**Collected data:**
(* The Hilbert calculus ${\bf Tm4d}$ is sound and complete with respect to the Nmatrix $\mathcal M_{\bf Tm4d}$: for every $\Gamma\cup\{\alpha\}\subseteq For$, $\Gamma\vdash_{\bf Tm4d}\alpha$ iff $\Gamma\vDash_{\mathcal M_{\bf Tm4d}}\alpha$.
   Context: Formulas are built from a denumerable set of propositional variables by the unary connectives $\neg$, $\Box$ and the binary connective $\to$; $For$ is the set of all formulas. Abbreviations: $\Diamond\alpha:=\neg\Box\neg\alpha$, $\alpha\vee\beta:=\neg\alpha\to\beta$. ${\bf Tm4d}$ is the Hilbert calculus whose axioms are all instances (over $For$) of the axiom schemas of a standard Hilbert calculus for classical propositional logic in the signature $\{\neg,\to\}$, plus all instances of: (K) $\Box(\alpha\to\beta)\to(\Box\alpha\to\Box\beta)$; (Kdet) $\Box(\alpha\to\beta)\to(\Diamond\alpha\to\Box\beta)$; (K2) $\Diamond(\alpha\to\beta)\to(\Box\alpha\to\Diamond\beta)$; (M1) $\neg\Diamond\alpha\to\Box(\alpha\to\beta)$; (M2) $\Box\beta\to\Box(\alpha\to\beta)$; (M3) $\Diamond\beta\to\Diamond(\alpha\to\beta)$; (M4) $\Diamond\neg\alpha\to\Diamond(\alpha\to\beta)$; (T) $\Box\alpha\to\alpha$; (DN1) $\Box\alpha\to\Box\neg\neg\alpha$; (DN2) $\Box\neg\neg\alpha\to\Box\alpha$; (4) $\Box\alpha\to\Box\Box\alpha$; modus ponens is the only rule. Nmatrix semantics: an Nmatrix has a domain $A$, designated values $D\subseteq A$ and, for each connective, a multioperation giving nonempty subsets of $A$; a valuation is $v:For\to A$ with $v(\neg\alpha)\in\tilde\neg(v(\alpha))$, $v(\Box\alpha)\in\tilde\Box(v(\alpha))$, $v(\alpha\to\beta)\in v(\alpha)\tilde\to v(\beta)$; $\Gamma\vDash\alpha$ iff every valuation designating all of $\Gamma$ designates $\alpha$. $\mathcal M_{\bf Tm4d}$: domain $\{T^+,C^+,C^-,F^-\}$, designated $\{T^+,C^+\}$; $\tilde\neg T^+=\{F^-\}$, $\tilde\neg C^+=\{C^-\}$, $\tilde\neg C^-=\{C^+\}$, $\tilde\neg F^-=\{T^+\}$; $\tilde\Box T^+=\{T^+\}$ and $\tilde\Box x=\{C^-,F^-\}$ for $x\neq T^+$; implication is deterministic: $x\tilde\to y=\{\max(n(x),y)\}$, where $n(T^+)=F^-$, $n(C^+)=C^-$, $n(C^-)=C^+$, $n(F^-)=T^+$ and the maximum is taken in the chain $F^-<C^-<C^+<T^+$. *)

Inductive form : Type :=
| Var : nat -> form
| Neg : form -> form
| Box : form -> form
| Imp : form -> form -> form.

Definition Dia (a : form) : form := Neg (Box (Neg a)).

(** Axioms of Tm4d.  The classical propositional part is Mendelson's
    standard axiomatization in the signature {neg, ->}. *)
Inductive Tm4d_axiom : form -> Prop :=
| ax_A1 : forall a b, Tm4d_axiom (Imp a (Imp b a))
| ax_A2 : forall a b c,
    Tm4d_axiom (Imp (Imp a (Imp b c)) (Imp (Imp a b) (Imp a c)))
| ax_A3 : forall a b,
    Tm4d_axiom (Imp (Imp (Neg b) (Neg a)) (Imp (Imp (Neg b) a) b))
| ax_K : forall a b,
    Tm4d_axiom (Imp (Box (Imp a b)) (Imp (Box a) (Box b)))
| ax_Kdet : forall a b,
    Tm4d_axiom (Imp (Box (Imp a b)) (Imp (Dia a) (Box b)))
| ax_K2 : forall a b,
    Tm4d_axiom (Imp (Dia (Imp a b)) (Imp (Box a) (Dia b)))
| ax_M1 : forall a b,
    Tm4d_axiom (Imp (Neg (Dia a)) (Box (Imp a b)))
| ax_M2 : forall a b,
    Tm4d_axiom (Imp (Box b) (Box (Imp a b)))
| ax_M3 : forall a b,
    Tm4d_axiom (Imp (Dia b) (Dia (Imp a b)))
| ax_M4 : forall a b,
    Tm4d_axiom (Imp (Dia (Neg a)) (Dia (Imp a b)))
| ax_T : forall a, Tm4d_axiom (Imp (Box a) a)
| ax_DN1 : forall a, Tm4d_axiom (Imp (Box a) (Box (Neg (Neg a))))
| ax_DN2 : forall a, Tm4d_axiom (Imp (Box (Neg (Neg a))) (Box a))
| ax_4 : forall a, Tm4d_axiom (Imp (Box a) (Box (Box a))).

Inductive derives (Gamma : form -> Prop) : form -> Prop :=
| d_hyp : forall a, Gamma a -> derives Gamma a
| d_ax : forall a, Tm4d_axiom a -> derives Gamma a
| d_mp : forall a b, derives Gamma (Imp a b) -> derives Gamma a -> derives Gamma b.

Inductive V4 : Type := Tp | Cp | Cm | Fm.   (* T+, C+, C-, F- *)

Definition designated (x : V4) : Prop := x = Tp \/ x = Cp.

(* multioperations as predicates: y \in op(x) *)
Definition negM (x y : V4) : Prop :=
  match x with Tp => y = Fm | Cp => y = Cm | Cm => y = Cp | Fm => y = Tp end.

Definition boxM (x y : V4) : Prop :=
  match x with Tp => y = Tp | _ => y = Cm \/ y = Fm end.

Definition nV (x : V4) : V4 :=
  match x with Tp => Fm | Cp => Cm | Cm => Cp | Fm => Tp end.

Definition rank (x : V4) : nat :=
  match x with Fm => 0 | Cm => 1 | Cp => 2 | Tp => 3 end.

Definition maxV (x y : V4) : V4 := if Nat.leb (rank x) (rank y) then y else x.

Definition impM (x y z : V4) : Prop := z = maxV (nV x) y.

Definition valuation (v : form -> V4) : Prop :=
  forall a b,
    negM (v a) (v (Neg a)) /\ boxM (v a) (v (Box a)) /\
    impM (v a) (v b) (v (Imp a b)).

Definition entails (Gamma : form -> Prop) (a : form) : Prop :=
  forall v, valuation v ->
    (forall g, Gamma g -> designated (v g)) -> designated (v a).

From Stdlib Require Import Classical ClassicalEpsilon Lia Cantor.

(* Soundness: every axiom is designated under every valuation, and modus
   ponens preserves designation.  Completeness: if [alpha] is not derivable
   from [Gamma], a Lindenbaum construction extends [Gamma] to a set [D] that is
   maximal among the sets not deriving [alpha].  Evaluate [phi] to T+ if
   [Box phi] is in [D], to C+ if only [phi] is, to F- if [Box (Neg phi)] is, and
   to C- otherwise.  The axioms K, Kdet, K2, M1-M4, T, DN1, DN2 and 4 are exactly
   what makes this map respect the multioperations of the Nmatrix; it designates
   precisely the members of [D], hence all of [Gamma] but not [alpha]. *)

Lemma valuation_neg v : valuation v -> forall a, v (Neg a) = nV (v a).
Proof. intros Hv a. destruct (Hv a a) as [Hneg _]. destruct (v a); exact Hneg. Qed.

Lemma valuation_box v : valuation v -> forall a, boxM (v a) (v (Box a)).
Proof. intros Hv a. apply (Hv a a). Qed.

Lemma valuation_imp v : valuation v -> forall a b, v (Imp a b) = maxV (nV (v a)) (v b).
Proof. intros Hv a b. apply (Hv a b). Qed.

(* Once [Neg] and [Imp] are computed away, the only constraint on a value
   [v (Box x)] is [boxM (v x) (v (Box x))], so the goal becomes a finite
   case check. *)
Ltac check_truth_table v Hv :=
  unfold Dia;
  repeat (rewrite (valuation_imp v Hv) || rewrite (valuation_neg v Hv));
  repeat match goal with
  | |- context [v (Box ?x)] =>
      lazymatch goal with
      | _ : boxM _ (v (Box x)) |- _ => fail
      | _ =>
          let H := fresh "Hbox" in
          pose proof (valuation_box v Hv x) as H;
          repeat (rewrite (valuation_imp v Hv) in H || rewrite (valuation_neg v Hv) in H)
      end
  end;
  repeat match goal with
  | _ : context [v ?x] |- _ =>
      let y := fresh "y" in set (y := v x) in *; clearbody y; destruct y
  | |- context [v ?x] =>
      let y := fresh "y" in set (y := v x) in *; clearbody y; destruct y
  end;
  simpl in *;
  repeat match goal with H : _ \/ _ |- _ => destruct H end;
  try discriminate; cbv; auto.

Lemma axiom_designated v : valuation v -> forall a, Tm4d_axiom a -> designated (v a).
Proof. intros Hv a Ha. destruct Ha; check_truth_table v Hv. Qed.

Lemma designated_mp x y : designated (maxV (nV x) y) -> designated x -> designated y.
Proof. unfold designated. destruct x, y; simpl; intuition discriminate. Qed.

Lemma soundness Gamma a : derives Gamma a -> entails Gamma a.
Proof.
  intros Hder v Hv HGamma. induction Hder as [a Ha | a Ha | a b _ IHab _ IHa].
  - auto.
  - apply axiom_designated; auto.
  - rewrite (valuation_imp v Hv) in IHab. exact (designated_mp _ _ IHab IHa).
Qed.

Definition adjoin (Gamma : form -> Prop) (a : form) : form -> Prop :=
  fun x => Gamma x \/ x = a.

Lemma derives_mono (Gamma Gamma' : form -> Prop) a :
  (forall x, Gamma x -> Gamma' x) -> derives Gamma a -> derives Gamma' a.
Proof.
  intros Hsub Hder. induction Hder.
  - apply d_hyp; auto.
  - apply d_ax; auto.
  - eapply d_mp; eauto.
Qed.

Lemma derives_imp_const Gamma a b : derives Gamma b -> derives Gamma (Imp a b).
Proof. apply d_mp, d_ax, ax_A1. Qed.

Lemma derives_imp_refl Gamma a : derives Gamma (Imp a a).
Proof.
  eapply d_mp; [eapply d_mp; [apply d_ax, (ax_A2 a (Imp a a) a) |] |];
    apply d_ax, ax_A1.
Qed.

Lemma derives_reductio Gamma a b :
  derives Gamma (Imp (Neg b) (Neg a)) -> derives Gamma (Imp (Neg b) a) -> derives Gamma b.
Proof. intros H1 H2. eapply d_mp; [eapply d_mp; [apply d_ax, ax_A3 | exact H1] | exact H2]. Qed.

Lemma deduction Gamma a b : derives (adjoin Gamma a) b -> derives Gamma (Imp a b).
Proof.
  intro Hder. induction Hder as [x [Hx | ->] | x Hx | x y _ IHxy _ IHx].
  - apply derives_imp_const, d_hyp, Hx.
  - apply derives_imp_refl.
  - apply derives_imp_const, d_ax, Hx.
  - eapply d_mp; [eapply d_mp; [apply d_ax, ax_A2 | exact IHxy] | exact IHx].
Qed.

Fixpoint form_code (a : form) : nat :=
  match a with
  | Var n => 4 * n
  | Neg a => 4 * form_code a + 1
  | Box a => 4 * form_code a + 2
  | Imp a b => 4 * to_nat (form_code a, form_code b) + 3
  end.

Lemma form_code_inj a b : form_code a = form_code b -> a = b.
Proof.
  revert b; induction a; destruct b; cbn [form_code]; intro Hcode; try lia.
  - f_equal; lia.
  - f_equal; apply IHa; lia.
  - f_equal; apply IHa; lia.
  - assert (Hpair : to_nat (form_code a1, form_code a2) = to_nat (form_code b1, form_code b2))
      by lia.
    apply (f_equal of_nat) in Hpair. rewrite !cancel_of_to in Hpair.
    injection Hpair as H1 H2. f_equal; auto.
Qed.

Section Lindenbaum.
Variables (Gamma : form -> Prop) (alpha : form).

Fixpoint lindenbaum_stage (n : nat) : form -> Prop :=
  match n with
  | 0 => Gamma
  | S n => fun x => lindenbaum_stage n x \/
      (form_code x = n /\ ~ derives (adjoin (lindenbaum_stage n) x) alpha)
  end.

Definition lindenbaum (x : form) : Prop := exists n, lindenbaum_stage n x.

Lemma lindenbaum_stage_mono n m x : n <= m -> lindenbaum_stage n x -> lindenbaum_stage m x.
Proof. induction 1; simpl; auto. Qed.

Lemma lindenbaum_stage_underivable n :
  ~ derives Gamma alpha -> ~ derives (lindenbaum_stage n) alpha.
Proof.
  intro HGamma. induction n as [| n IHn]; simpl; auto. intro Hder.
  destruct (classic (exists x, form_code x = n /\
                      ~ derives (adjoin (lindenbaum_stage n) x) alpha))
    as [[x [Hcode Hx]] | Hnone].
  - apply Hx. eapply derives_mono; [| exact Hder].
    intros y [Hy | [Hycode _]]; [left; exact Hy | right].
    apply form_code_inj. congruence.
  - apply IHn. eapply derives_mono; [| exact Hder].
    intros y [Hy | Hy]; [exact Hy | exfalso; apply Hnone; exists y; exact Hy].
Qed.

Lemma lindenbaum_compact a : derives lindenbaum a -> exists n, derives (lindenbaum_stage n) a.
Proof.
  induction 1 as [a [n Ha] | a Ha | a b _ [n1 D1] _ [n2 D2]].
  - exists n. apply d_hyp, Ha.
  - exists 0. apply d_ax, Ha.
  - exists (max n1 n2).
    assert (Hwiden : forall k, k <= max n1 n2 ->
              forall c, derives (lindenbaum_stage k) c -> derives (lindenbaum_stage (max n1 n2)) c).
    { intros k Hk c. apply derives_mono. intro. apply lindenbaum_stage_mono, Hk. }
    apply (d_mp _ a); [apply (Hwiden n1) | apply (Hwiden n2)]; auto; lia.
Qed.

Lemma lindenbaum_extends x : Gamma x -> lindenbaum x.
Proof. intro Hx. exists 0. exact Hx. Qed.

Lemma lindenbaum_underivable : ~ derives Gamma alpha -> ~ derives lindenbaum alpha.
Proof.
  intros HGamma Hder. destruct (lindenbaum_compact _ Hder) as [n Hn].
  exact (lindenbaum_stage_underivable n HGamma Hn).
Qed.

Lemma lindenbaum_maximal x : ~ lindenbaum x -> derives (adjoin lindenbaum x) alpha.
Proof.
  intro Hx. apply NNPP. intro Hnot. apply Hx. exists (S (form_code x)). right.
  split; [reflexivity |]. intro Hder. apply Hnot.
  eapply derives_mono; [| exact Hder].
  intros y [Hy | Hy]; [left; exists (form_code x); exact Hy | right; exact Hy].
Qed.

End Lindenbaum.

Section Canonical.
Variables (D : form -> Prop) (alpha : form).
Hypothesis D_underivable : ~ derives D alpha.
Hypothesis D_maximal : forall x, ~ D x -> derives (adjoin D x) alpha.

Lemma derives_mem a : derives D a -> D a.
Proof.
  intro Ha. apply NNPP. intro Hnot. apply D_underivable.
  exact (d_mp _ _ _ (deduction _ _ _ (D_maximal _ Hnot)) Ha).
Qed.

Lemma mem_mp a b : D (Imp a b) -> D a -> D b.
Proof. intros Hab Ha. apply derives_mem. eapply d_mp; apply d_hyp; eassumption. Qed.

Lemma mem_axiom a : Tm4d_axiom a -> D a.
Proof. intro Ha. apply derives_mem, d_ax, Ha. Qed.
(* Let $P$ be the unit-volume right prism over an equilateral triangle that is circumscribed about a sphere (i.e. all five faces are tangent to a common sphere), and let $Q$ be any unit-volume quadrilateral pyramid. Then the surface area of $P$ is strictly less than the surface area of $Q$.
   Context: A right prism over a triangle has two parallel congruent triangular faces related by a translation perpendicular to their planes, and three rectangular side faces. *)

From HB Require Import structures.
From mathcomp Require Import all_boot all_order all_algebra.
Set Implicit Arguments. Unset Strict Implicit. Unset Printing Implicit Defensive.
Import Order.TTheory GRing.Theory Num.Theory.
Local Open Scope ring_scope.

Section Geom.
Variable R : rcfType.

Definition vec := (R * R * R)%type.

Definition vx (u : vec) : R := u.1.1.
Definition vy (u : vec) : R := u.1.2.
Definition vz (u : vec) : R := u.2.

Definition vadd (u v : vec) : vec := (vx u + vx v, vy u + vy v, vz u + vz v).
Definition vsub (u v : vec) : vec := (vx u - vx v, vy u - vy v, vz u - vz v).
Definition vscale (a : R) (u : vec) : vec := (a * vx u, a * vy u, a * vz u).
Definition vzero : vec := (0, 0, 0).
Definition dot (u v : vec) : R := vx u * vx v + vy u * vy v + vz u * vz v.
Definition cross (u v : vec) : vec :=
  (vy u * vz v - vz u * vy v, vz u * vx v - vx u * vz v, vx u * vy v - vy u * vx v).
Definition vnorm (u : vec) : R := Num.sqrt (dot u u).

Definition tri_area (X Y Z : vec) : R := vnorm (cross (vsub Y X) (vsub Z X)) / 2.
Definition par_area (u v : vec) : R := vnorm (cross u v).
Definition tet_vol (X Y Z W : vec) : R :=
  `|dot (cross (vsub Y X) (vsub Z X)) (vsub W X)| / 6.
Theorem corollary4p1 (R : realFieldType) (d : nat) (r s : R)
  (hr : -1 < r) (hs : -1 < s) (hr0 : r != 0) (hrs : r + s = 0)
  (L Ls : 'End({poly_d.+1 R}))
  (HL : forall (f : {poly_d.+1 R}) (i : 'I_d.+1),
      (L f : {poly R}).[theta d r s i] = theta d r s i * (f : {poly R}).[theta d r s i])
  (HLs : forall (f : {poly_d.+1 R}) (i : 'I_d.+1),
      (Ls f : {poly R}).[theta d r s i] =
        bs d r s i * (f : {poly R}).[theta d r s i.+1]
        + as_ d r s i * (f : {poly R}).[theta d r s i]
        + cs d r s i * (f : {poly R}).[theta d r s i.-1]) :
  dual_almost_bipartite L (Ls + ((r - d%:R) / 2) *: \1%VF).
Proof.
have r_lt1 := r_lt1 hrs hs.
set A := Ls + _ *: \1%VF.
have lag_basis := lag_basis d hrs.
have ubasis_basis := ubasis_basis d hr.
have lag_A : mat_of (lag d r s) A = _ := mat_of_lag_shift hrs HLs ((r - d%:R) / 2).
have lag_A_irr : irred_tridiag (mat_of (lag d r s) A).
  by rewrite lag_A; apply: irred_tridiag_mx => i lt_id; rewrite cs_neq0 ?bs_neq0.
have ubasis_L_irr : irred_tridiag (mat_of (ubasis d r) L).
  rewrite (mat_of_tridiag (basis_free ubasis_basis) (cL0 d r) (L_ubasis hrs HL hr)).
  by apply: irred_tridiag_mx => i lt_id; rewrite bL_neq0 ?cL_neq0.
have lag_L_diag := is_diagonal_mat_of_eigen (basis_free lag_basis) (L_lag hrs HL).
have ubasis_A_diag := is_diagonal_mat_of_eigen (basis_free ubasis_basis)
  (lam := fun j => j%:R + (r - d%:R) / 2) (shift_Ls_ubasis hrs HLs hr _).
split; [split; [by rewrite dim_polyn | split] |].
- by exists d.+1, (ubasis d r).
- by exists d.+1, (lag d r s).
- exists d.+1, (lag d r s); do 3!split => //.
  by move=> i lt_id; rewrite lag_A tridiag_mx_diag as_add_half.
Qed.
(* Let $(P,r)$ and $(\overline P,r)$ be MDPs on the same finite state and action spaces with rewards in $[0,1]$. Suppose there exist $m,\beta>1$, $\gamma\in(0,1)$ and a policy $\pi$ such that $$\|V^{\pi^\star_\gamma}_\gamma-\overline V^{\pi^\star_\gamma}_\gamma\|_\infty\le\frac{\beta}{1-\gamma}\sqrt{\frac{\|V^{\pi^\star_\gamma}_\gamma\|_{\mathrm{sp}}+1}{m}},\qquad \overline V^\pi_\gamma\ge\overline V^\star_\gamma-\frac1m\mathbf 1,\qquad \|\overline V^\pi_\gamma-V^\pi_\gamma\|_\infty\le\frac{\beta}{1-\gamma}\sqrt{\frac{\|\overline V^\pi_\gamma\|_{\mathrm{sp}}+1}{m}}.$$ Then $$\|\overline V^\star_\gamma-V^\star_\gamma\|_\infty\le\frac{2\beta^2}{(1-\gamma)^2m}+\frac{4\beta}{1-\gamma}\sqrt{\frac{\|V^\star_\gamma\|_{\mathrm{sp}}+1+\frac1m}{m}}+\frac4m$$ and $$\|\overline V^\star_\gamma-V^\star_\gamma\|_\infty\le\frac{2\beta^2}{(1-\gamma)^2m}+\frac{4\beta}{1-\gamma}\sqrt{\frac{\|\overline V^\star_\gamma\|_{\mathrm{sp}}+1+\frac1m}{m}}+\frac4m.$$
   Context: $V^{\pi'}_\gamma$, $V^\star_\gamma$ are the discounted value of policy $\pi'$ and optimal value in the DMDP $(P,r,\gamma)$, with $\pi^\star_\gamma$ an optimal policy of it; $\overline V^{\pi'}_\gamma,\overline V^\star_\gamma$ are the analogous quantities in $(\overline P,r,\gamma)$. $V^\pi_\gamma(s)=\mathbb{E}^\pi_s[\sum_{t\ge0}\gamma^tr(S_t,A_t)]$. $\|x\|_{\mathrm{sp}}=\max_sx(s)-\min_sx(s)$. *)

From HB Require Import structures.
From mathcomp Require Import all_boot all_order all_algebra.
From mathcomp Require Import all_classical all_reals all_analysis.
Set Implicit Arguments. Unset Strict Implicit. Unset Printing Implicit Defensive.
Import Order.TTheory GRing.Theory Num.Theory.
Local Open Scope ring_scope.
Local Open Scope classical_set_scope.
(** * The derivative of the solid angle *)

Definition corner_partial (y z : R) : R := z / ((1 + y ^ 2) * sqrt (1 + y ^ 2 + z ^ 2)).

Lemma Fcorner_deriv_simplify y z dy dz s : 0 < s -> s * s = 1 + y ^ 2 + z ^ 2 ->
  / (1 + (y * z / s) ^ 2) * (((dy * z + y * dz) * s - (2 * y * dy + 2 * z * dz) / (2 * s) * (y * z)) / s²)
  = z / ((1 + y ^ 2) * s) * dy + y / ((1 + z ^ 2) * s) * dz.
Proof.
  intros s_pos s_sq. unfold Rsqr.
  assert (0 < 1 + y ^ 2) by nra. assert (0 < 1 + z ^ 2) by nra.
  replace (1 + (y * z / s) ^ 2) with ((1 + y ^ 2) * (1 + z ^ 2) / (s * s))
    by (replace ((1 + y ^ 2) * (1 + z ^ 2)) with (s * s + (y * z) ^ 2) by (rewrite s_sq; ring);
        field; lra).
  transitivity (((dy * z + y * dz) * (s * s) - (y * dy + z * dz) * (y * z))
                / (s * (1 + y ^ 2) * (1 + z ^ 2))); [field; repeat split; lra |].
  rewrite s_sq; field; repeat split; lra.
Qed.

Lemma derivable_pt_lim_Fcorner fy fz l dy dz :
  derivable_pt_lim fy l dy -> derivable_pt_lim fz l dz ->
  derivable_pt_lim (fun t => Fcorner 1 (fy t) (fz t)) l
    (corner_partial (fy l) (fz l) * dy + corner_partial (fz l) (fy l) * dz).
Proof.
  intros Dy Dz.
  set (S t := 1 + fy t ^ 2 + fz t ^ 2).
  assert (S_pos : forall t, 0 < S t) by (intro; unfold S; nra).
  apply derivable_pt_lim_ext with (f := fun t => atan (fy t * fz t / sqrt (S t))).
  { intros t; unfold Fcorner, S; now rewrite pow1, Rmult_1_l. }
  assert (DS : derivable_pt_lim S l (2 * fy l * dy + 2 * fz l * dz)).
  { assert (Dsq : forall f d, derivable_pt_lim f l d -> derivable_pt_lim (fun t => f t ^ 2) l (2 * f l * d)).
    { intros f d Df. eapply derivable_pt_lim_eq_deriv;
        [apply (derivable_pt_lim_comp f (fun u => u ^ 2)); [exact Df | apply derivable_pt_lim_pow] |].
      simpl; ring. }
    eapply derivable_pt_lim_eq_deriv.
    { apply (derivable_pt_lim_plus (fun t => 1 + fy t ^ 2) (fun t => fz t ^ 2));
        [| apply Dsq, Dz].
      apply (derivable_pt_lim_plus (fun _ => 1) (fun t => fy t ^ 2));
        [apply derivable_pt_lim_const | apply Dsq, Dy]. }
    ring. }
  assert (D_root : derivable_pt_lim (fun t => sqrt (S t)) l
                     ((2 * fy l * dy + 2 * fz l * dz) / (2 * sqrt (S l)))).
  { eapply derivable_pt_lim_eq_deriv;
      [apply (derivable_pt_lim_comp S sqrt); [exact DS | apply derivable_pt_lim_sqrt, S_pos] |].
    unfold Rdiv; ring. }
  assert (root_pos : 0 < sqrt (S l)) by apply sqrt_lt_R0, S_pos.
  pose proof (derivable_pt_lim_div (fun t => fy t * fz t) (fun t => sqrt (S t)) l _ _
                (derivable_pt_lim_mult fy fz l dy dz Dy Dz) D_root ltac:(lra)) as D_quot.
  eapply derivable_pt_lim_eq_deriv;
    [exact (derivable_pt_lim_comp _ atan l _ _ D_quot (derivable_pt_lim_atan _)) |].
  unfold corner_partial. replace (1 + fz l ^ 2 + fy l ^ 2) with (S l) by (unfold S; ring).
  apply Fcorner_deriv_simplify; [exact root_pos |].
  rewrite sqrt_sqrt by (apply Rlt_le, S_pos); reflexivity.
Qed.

**ACTIVITY:** Going back to the entries above, set down exactly the lines that begin at the one with "a (Imp b a))" and end at the one with "match x with Tp => Fm", both included, and nothing else.

**EXERCISE ANSWER:**
| ax_A1 : forall a b, Tm4d_axiom (Imp a (Imp b a))
| ax_A2 : forall a b c,
    Tm4d_axiom (Imp (Imp a (Imp b c)) (Imp (Imp a b) (Imp a c)))
| ax_A3 : forall a b,
    Tm4d_axiom (Imp (Imp (Neg b) (Neg a)) (Imp (Imp (Neg b) a) b))
| ax_K : forall a b,
    Tm4d_axiom (Imp (Box (Imp a b)) (Imp (Box a) (Box b)))
| ax_Kdet : forall a b,
    Tm4d_axiom (Imp (Box (Imp a b)) (Imp (Dia a) (Box b)))
| ax_K2 : forall a b,
    Tm4d_axiom (Imp (Dia (Imp a b)) (Imp (Box a) (Dia b)))
| ax_M1 : forall a b,
    Tm4d_axiom (Imp (Neg (Dia a)) (Box (Imp a b)))
| ax_M2 : forall a b,
    Tm4d_axiom (Imp (Box b) (Box (Imp a b)))
| ax_M3 : forall a b,
    Tm4d_axiom (Imp (Dia b) (Dia (Imp a b)))
| ax_M4 : forall a b,
    Tm4d_axiom (Imp (Dia (Neg a)) (Dia (Imp a b)))
| ax_T : forall a, Tm4d_axiom (Imp (Box a) a)
| ax_DN1 : forall a, Tm4d_axiom (Imp (Box a) (Box (Neg (Neg a))))
| ax_DN2 : forall a, Tm4d_axiom (Imp (Box (Neg (Neg a))) (Box a))
| ax_4 : forall a, Tm4d_axiom (Imp (Box a) (Box (Box a))).

Inductive derives (Gamma : form -> Prop) : form -> Prop :=
| d_hyp : forall a, Gamma a -> derives Gamma a
| d_ax : forall a, Tm4d_axiom a -> derives Gamma a
| d_mp : forall a b, derives Gamma (Imp a b) -> derives Gamma a -> derives Gamma b.

Inductive V4 : Type := Tp | Cp | Cm | Fm.   (* T+, C+, C-, F- *)

Definition designated (x : V4) : Prop := x = Tp \/ x = Cp.

(* multioperations as predicates: y \in op(x) *)
Definition negM (x y : V4) : Prop :=
  match x with Tp => y = Fm | Cp => y = Cm | Cm => y = Cp | Fm => y = Tp end.

Definition boxM (x y : V4) : Prop :=
  match x with Tp => y = Tp | _ => y = Cm \/ y = Fm end.

Definition nV (x : V4) : V4 :=
  match x with Tp => Fm | Cp => Cm | Cm => Cp | Fm => Tp end.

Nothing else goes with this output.